Flash Infos : On se rappelle que dans le cadre de la commémoration de l’abolition de l’esclavage, vous avez écrit et mis en scène, respectivement en 2004, «Libertés», « Bakar Kusu», en 2001, et en 2007 « Macuas ». Les trois œuvres traitaient du thème de l’esclavage dans l’histoire de Mayotte. Quel est le regard que vous portez sur ce sujet 25 ans après votre première œuvre ?
Alain Kamal Martial : A une époque où ma génération avait besoin de repères, il fallait donc un récit et une représentation scénique capables de porter un narratif. Il me semble que ces trois œuvres de jeunesse avaient eu le mérite de lever le voile sur ce sujet encore tabou à Mayotte à cette époque.

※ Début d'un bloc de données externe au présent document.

Let phiMl a x : in_ideal ds x -> phi (a * x) = a *: phi x.
Proof. by move=> Jx; rewrite -[a * x]addr0 phi_linear ?phi0 ?addr0 //; apply: in_ideal0. Qed.

(* The pushout of [J -> R] along [phi]: the quotient of [N x R] by the graph of [-phi]. *)
Definition pushout_rel (v : N * R^o) := in_ideal ds v.2 /\ v.1 = - phi v.2.

Lemma pushout_rel_submodule : submodule pushout_rel.
Proof.
split; first by split; [apply: in_ideal0 | rewrite phi0 oppr0].
split=> [[n r] [n' r'] [Jr /= ->] [Jr' /= ->]|a [n r] [Jr /= ->]]; split=> /=.
- exact: in_idealD.
- by rewrite -[X in phi (X + _)]mul1r phi_linear // scale1r opprD.
- exact: in_idealMl.
- by rewrite phiMl // scalerN.
Qed.

Local Notation pushout := (quotm pushout_rel_submodule).

Lemma pushout_in_linear a n n' : quotm_pi pushout_rel_submodule (a *: n + n', 0) =
  a *: quotm_pi pushout_rel_submodule (n, 0) + quotm_pi pushout_rel_submodule (n', 0).
Proof.
rewrite -linearP; congr (quotm_pi _ _).
by apply: injective_projections => //=; rewrite scaler0 addr0.
Qed.

Definition pushout_in : {linear N -> pushout} := lin_of pushout_in_linear.

Lemma pushout_inE n : pushout_in n = quotm_pi _ (n, 0).
Proof. by []. Qed.

Lemma pushout_rel_snd v : pushout_rel v -> (quotm_pi (ideal_submodule ds) \o snd) v = 0.
Proof. by case=> Jv _; apply/quotm_pi_eq0. Qed.

Definition pushout_out : {linear pushout -> ideal_quot ds} :=
  quotm_lift pushout_rel_submodule pushout_rel_snd.

Lemma pushout_outE v :
  pushout_out (quotm_pi _ v) = quotm_pi (ideal_submodule ds) v.2.
Proof. exact: quotm_liftE. Qed.

Lemma pushout_ses : ses pushout_in pushout_out.
Proof.
split; [|split].
- move=> n n' /quotm_piP[_ /=]; rewrite subrr phi0 oppr0 => /eqP.
  by rewrite subr_eq0 => /eqP.
- move=> z; have [r <-] := quotm_pi_surj z.
  by exists (quotm_pi _ (0, r)); rewrite pushout_outE.
move=> b; have [[n r] <-] := quotm_pi_surj b; split=> [|[n' <-]]; last first.
  by rewrite pushout_inE pushout_outE; apply/quotm_pi_eq0/in_ideal0.
rewrite pushout_outE => /quotm_pi_eq0 /= Jr; exists (n + phi r).
apply/quotm_piP; split=> /=; first by rewrite sub0r -mulN1r; apply: in_idealMl.
by rewrite sub0r -mulN1r phiMl // scaleN1r opprK addrAC subrr add0r.
Qed.

(* If [h] sends the class of [1] to that of [(n0, r0)], then [r0 - 1] is in [J]; for [d]
   in [J], [h] kills the class of [d], which reads [phi d = d (- n0 - phi (r0 - 1))]. *)
Lemma pushout_section (h : {linear ideal_quot ds -> pushout}) :
  (forall z, pushout_out (h z) = z) -> exists u, forall d, in_ideal ds d -> phi d = d *: u.
Proof.
move=> hK; pose pi := quotm_pi (ideal_submodule ds).
have [[n0 r0] hv0] := quotm_pi_surj (h (pi 1)).
have Je : in_ideal ds (r0 - 1).
  apply/(quotm_piP (ideal_submodule ds)).
  by have := hK (pi 1); rewrite -hv0 pushout_outE.
exists (- n0 - phi (r0 - 1)) => d Jd.
have : h (d *: pi 1) = 0.
  have -> : d *: pi 1 = 0 by rewrite -linearZ /= [d *: _]mulr1; apply/quotm_pi_eq0.
  exact: linear0.
rewrite linearZ -hv0 -linearZ => /quotm_pi_eq0[_ /= dn0].
have phi_dr0 : phi (d * r0) = d *: phi (r0 - 1) + phi d.
  by rewrite -[X in d * X](subrK 1) mulrDr mulr1 phi_linear.
by rewrite scalerBr scalerN dn0 opprK -[d *: r0]/(d * r0) phi_dr0 addrC addKr.
Qed.

End Pushout.

Lemma ideal_injective_of_Ext1_zero : Ext1_zero (ideal_quot ds) N -> ideal_injective.
Proof.
move=> ext phi phi_linear.
have [h hK] := ext _ _ _ (pushout_ses phi_linear).
exact: pushout_section hK.
Qed.

End IdealInjective.

Section WModules.
Variable R : comPzRingType.

Lemma w_module_ideal_injective (N : lmodType R) ds :
  w_module N -> GV ds -> ideal_injective ds N.
Proof.
by move=> [_ N_ext] gv; apply/ideal_injective_of_Ext1_zero/N_ext/ideal_quot_cyclic.
Qed.

Lemma ideal_injective_w_module (N : lmodType R) : GV_torsionfree N ->
  (forall ds, GV ds -> ideal_injective ds N) -> w_module N.
Proof.
move=> N_tf N_inj; split=> // ds gv C.
exact: Ext1_zero_of_ideal_injective (N_inj ds gv).
Qed.

Lemma w_module_GV_closed (M E : lmodType R) (i : {linear M -> E}) ds (y : E) :
    w_module M -> injective i -> GV_torsionfree E -> GV ds ->
    (forall d, in_ideal ds d -> exists x, i x = d *: y) ->
  exists z, i z = y.
Proof.
move=> wM i_inj E_tf gv Jy.
have [u Ju] := ideal_injective_ann (w_module_ideal_injective wM gv) i_inj Jy.
by exists u; apply/eqP; rewrite eq_sym -subr_eq0; apply/eqP/E_tf; exists ds.
Qed.

Lemma w_module_is_L (M : lmodType R) : w_module M -> is_L M M.
Proof.
move=> wM; have [M_tf _] := wM.
have [E [i [i_inj E_inj i_ess]]] := injective_envelope M.
have E_tf := essential_GV_torsionfree i_inj i_ess M_tf.
exists M, E, idfun, i, i; split; first by move=> z; exists z.
split; first by move=> x; split=> [/= ->|/M_tf //]; apply: torGV0.
do 4!split=> //; move=> y; split=> [[z <-]|[ds [gv Jy]]].
  by exists [:: 1]; split=> [|d _]; [apply: GV1 | exists (d *: z); rewrite linearZ].
exact: w_module_GV_closed wM i_inj E_tf gv Jy.
Qed.

End WModules.

(** * The free cover and its syzygy *)

Section FreeCover.
Variables (R : comPzRingType) (M : lmodType R).

(* [monalg] equips [{malg R[M]}] with its [R]-action only for nontrivial rings [R]. *)
Definition free := {malg R[M]}.
HB.instance Definition _ := GRing.Zmodule.on free.
Local Notation F := free.

Definition free_scale (a : R) (g : F) : F := [malg k in msupp g => a * g@_k].

Lemma mcoeff_free_scale a g k : (free_scale a g)@_k = a * g@_k.
Proof. by rewrite mcoeffE; case: ifP => // /negbT/mcoeff_outdom ->; rewrite mulr0. Qed.

Lemma free_scaleA a b g : free_scale a (free_scale b g) = free_scale (a * b) g.
Proof. by apply/malgP => k; rewrite !mcoeff_free_scale mulrA. Qed.
Lemma free_scale1 : left_id 1 free_scale.
Proof. by move=> g; apply/malgP => k; rewrite mcoeff_free_scale mul1r. Qed.
Lemma free_scaleDr : right_distributive free_scale +%R.
Proof.
by move=> a g g'; apply/malgP => k; rewrite mcoeffD !mcoeff_free_scale mcoeffD mulrDr.
Qed.
Lemma free_scaleDl g : {morph free_scale^~ g : a b / a + b}.
Proof. by move=> a b; apply/malgP => k; rewrite mcoeffD !mcoeff_free_scale mulrDl. Qed.

HB.instance Definition _ := GRing.Zmodule_isLmodule.Build R F
  free_scaleA free_scale1 free_scaleDr free_scaleDl.

Lemma free_mcoeffZ (a : R) (g : F) k : (a *: g)@_k = a * g@_k.
Proof. exact: mcoeff_free_scale. Qed.

Definition malg_sum (V : lmodType R) (v : M -> V) (g : F) : V :=
  \sum_(k <- msupp g) g@_k *: v k.

Lemma malg_sumEw (V : lmodType R) (v : M -> V) g (D : {fset M}) :
  (msupp g `<=` D)%fset -> malg_sum v g = \sum_(k <- D) g@_k *: v k.
Proof.
move=> gD; apply: big_fset_incl => // k _ k_g.
by rewrite mcoeff_outdom ?scale0r.
Qed.

Lemma malg_sum_linear (V : lmodType R) (v : M -> V) (a : R) (g g' : F) :
  malg_sum v (a *: g + g') = a *: malg_sum v g + malg_sum v g'.
Proof.
pose D := (msupp g `|` msupp g')%fset.
rewrite !(@malg_sumEw _ _ _ D) ?fsubsetUl ?fsubsetUr //; last first.
  apply/fsubsetP => k; rewrite in_fsetU -!mcoeff_neq0 mcoeffD free_mcoeffZ.
  apply: contraTT; rewrite negb_or !negbK => /andP[/eqP -> /eqP ->].
  by rewrite mulr0 addr0.
rewrite scaler_sumr -big_split; apply: eq_bigr => k _.
by rewrite mcoeffD free_mcoeffZ scalerDl scalerA.
Qed.
(* Let $N,d\ge1$, $\lambda,\tau>0$ with $\lambda\tau\le\frac12$, and let $\psi:[0,\infty)\to(0,\infty)$ be positive, nonincreasing, differentiable with $\psi(r)\le1$ for all $r\ge0$. Let $(x_i,v_i)_{i=1}^N$ solve $$\dot x_i(t)=v_i(t),\qquad \dot v_i(t)=\frac{\lambda}{N}\sum_{j=1}^N\psi(|x_i(t-\tau)-x_j(t-\tau)|)\,(v_j(t-\tau)-v_i(t-\tau)),\qquad t>0,$$ with initial data $(x_i,v_i)=(x_i^0,v_i^0)$ on $[-\tau,0]$, $(x_i^0,v_i^0)\in C([-\tau,0];\mathbb{R}^{2d})\cap C^1((-\tau,0);\mathbb{R}^{2d})$. Then $$\varphi(t)\ge\psi\big(d_X(0)+\sqrt{2L^0}\,t\big)\qquad\text{for all }t>\tau.$$
   Context: $\varphi(t):=\min_{i,j}\psi(|x_i(t)-x_j(t)|)$ and $d_X(t):=\max_{i,j}|x_i(t)-x_j(t)|$. $V(t):=\frac12\sum_{i,j=1}^N|v_i(t)-v_j(t)|^2$, $D(t):=\frac12\sum_{i,j=1}^N\psi(|x_i(t)-x_j(t)|)\,|v_j(t)-v_i(t)|^2$, and $L^0:=(2\lambda\tau+1)e^{2\lambda\tau}\max_{\vartheta\in[-\tau,0]}V(\vartheta)+4\tau\lambda^3\int_{-\tau}^0\int_\theta^0 D(s)\,ds\,d\theta$. *)

From HB Require Import structures.
From mathcomp Require Import all_boot all_order all_algebra.
From mathcomp Require Import all_classical all_reals all_analysis.
Set Implicit Arguments. Unset Strict Implicit. Unset Printing Implicit Defensive.
Import Order.TTheory GRing.Theory Num.Theory.
Import numFieldNormedType.Exports.
Local Open Scope classical_set_scope.
Local Open Scope ring_scope.

Definition enorm {R : realType} {d : nat} (u : 'I_d -> R) : R :=
  Num.sqrt (\sum_(k < d) u k ^+ 2).

Section CS.
Variables (R : realType) (N d : nat).
(* x i k t : k-th coordinate of the position of particle i at time t *)
Variables (x v : 'I_N -> 'I_d -> R -> R).

Definition posdiff (i j : 'I_N) (t : R) : 'I_d -> R := fun k => x i k t - x j k t.
Definition veldiff (i j : 'I_N) (t : R) : 'I_d -> R := fun k => v i k t - v j k t.

(* phi(t) = min_{i,j} psi(|x_i(t) - x_j(t)|); the neutral element 1 is harmless
   since the range contains i = j (N >= 1) and psi <= 1. *)
Definition phiCS (psi : R -> R) (t : R) : R :=
  \big[Num.min/1]_(i < N) \big[Num.min/1]_(j < N) psi (enorm (posdiff i j t)).

(* d_X(t) = max_{i,j} |x_i(t) - x_j(t)| (neutral 0 harmless, norms >= 0). *)
Definition dX (t : R) : R :=
  \big[Num.max/0]_(i < N) \big[Num.max/0]_(j < N) enorm (posdiff i j t).

Definition VCS (t : R) : R :=
  2^-1 * \sum_(i < N) \sum_(j < N) enorm (veldiff i j t) ^+ 2.

Definition DCS (psi : R -> R) (t : R) : R :=
  2^-1 * \sum_(i < N) \sum_(j < N)
     psi (enorm (posdiff i j t)) * enorm (veldiff j i t) ^+ 2.

(* L^0; the max over [-tau,0] of the continuous function V is written as a sup. *)
Definition L0 (psi : R -> R) (lambda tau : R) : R :=
  (2 * lambda * tau + 1) * expR (2 * lambda * tau) * sup (VCS @` `[- tau, 0])
  + 4 * tau * lambda ^+ 3 *
    Rintegral lebesgue_measure `[- tau, 0]
      (fun theta => Rintegral lebesgue_measure `[theta, 0] (DCS psi)).
End CS.

(* Let V be the velocity variance and M its maximum on [-tau, 0]. On [0, tau],
   the mean value theorem at a maximum point of V bounds V by (1 + 4 lambda tau) M.
   For t > tau, V plus 4 lambda^3 tau times a double integral of D(. - tau) over
   the last delay window is nonincreasing: the velocity increments over one delay
   are controlled by that window, so the derivative is at most
   (4 lambda^3 tau^2 - lambda) D(t - tau) <= 0. Hence V stays below
   (1 + 4 lambda tau + 4 (lambda tau)^3) M <= L^0, every relative velocity has
   norm at most sqrt(2 L^0), relative positions grow at most linearly, and psi
   is nonincreasing. *)

From HB Require Import structures.
From mathcomp Require Import all_boot all_order all_algebra.
From mathcomp Require Import all_classical all_reals all_analysis.
From mathcomp Require Import ring lra.
Set Implicit Arguments. Unset Strict Implicit. Unset Printing Implicit Defensive.
Import Order.TTheory GRing.Theory Num.Theory.
Import numFieldNormedType.Exports.
Local Open Scope classical_set_scope.
Local Open Scope ring_scope.

Section within_continuity.
Context {R : realType}.
Implicit Types (A B : set R) (f g h : R -> R).

Lemma within_continuous_comp_sub A B f h :
  {within B, continuous f} -> {within A, continuous h} ->
  (forall y, A y -> B (h y)) -> {within A, continuous (f \o h)}.
Proof.
move=> /subspace_continuousP cf /subspace_continuousP ch AB.
apply/subspace_continuousP => x Ax.
have hB : h @ within A (nbhs x) --> within B (nbhs (h x)).
  move=> W /= WB; have := ch x Ax _ WB.
  rewrite /= !nbhs_simpl /within /=.
  by apply: filterS => y Wy Ay; exact: Wy (AB _ Ay).
exact: cvg_comp hB (cf (h x) (AB x Ax)).
Qed.

Lemma within_continuous_cst A (c : R) : {within A, continuous (fun=> c)}.
Proof. by apply: continuous_subspaceT => x; exact: cst_continuous. Qed.

Lemma within_continuousM A f g : {within A, continuous f} ->
  {within A, continuous g} -> {within A, continuous (fun t => f t * g t)}.
Proof. by move=> cf cg x; apply: continuousM; [exact: cf|exact: cg]. Qed.

Lemma within_continuousMl A (c : R) f : {within A, continuous f} ->
  {within A, continuous (fun t => c * f t)}.
Proof. by move=> cf; apply: within_continuousM => //; exact: within_continuous_cst. Qed.

Lemma within_continuous_sqr A f : {within A, continuous f} ->
  {within A, continuous (fun t => f t ^+ 2)}.
Proof. by move=> cf; under eq_fun do rewrite expr2; exact: within_continuousM. Qed.

Lemma within_continuous_sum A n (F : 'I_n -> R -> R) :
  (forall i, {within A, continuous (F i)}) ->
  {within A, continuous (fun t => \sum_(i < n) F i t)}.
Proof.
elim: n F => [|n IH] F cF.
  under eq_fun do rewrite big_ord0; exact: within_continuous_cst.
under eq_fun do rewrite big_ord_recr /=.
apply: within_continuousD; last exact: cF.
exact: (IH (fun i => F (widen_ord (leqnSn n) i))).
Qed.

Lemma within_continuous_sqrt A f : {within A, continuous f} ->
  {within A, continuous (fun t => Num.sqrt (f t))}.
Proof.
move=> cf; apply: (@within_continuous_comp_sub A setT (@Num.sqrt R) f) => //.
exact/continuous_subspaceT/sqrt_continuous.
Qed.

Lemma within_continuous_shift A B f (c : R) : {within B, continuous f} ->
  (forall y, A y -> B (y - c)) -> {within A, continuous (fun t => f (t - c))}.
Proof.
move=> cf AB; apply: (@within_continuous_comp_sub A B f (fun t => t - c)) => //.
apply: continuous_subspaceT => x; apply: continuousB => //; exact: cst_continuous.
Qed.

End within_continuity.

Section derivatives.
Context {R : realType}.
Implicit Types (f g : R -> R).

Lemma is_derive_derive1 x f df :
  is_derive x (1 : R) f df -> derivable f x 1 /\ derive1 f x = df.
Proof. by move=> H; split; [exact: ex_derive|rewrite derive1E derive_val]. Qed.

Lemma derivable_is_derive1 x f : derivable f x 1 -> is_derive x (1 : R) f (derive1 f x).
Proof. by move=> H; rewrite derive1E; exact: derivableP. Qed.

Lemma is_derive_add x f g df dg : is_derive x (1 : R) f df -> is_derive x (1 : R) g dg ->
  is_derive x (1 : R) (fun t => f t + g t) (df + dg).
Proof. by move=> Hf Hg; exact: is_deriveD. Qed.

Lemma is_derive_sub x f g df dg : is_derive x (1 : R) f df -> is_derive x (1 : R) g dg ->
  is_derive x (1 : R) (fun t => f t - g t) (df - dg).
Proof. by move=> Hf Hg; exact: is_deriveB. Qed.

Lemma is_derive_mul x f g df dg : is_derive x (1 : R) f df -> is_derive x (1 : R) g dg ->
  is_derive x (1 : R) (fun t => f t * g t) (f x * dg + g x * df).
Proof. by move=> Hf Hg; exact: is_deriveM. Qed.

Lemma is_derive_scale x (c : R) f df : is_derive x (1 : R) f df ->
  is_derive x (1 : R) (fun t => c * f t) (c * df).
Proof. by move=> Hf; exact: is_deriveZ. Qed.

Lemma is_derive_bigsum x n (F : 'I_n -> R -> R) (dF : 'I_n -> R) :
  (forall i, is_derive x (1 : R) (F i) (dF i)) ->
  is_derive x (1 : R) (fun t => \sum_(i < n) F i t) (\sum_(i < n) dF i).
Proof.
move=> H; have -> : (fun t => \sum_(i < n) F i t) = \sum_(i < n) F i.
  by apply: funext => t; rewrite fct_sumE.
exact: is_derive_sum.
Qed.

Lemma is_derive_translate x (c : R) f df : is_derive (x - c) (1 : R) f df ->
  is_derive x (1 : R) (fun t => f (t - c)) df.
Proof.
have E : (fun h : R => h^-1 *: (((fun t => f (t - c)) \o shift x) (h *: 1) - f (x - c)))
   = (fun h : R => h^-1 *: ((f \o shift (x - c)) (h *: 1) - f (x - c))).
  by apply: funext => h /=; rewrite addrA.
by case=> d1 d2; split; [rewrite /derivable E | rewrite /derive E -d2].
Qed.

End derivatives.

Section integrals.
Context {R : realType}.
Implicit Types (f F : R -> R).
Notation mu := (@lebesgue_measure R).

Lemma continuous_segment_integrable (a b : R) f : {within `[a, b], continuous f} ->
  mu.-integrable `[a, b] (EFin \o f).
Proof.
by move=> cf; apply: continuous_compact_integrable => //; exact: segment_compact.
Qed.

Lemma fine_lebesgue_measure_itv (a b : R) : a <= b -> fine (mu `[a, b]) = b - a.
Proof.
rewrite le_eqVlt => /predU1P[<-|ab].
  by rewrite set_itv1 lebesgue_measure_set1 subrr.
by rewrite lebesgue_measure_itv /= lte_fin ab -EFinD.
Qed.

Lemma Rintegral_sum (a b : R) n (G : 'I_n -> R -> R) :
  (forall i, {within `[a, b], continuous (G i)}) ->
  \int[mu]_(t in `[a, b]) (\sum_(i < n) G i t) =
  \sum_(i < n) \int[mu]_(t in `[a, b]) G i t.
Proof.
elim: n G => [|n IH] G cG.
  under eq_Rintegral do rewrite big_ord0.
  by rewrite big_ord0 Rintegral_cst // mul0r.
under eq_Rintegral do rewrite big_ord_recr /=.
rewrite RintegralD //; last 2 first.
- apply/continuous_segment_integrable/within_continuous_sum => i; exact: cG.
- exact/continuous_segment_integrable/cG.
rewrite big_ord_recr /=; congr (_ + _).
exact: (IH (fun i => G (widen_ord (leqnSn n) i))).
Qed.

(* Cauchy-Schwarz, from the nonnegativity of the variance of f on [a, b]. *)
Lemma sqr_Rintegral_le (a b : R) f : a < b -> {within `[a, b], continuous f} ->
  (\int[mu]_(t in `[a, b]) f t) ^+ 2 <= (b - a) * \int[mu]_(t in `[a, b]) (f t ^+ 2).
Proof.
move=> ab cf; have ba_gt0 : 0 < b - a by rewrite subr_gt0.
set I := \int[mu]_(t in _) f t; set J := \int[mu]_(t in _) (f t ^+ 2).
set m := I / (b - a).
have int_cf c : mu.-integrable `[a, b] (EFin \o (fun t => c * f t)).
  exact/continuous_segment_integrable/within_continuousMl.
have int_sqr : mu.-integrable `[a, b] (EFin \o (fun t => f t ^+ 2)).
  exact/continuous_segment_integrable/within_continuous_sqr.
have var_ge0 : 0 <= \int[mu]_(t in `[a, b]) ((f t - m) ^+ 2).
  by apply: Rintegral_ge0 => t _; exact: sqr_ge0.
have varE : \int[mu]_(t in `[a, b]) ((f t - m) ^+ 2) = J - I ^+ 2 / (b - a).
  have -> : (fun t => (f t - m) ^+ 2) = (fun t => (f t ^+ 2 - (2 * m) * f t) + m ^+ 2).
    by apply: funext => t; ring.
  have int_diff : mu.-integrable `[a, b] (EFin \o (fun t => f t ^+ 2 - 2 * m * f t)).
    apply: continuous_segment_integrable; apply: within_continuousB.
      exact: within_continuous_sqr.
    exact: within_continuousMl.
  have int_cst : mu.-integrable `[a, b] (EFin \o (fun=> m ^+ 2)).
    exact/continuous_segment_integrable/within_continuous_cst.
  rewrite RintegralD // RintegralB // ?int_cf // RintegralZl ?continuous_segment_integrable //.
  rewrite Rintegral_cst // fine_lebesgue_measure_itv ?ltW // -/I -/J /m.
  by field; rewrite gt_eqF.
by move: var_ge0; rewrite varE subr_ge0 ler_pdivrMr // mulrC.
Qed.

Lemma Rintegral_antiderivative (a b : R) f F : a < b ->
  {within `[a, b], continuous f} -> {within `[a, b], continuous F} ->
  (forall t, a < t < b -> derivable F t 1 /\ derive1 F t = f t) ->
  \int[mu]_(t in `[a, b]) f t = F b - F a.
Proof.
move=> ab cf cF dF.
have [cFi cFa cFb] := (continuous_within_itvP _ ab).1 cF.
have dF' : derivable_oo_LRcontinuous F a b.
  by split => // t; rewrite in_itv /= => /dF[].
rewrite /Rintegral (continuous_FTC2 ab cf dF') //.
by move=> t; rewrite in_itv /= => /dF[].
Qed.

25 après, on parle un peu plus d’esclavage. On continue encore à commémorer chaque année. Mais j’ai comme l’impression que l’on a cessé de donner du sens à l’histoire, notamment ici, à l’histoire de l’esclavage à Mayotte. Je crois que c’est parce que ce travail d’écriture et de représentation publique n’a pas été poursuivi par d’autres écrivains et d’autres troupes de théâtre. Ce silence a créé un creuset qui laisse une confusion encore très grande malheureusement au sein de la société.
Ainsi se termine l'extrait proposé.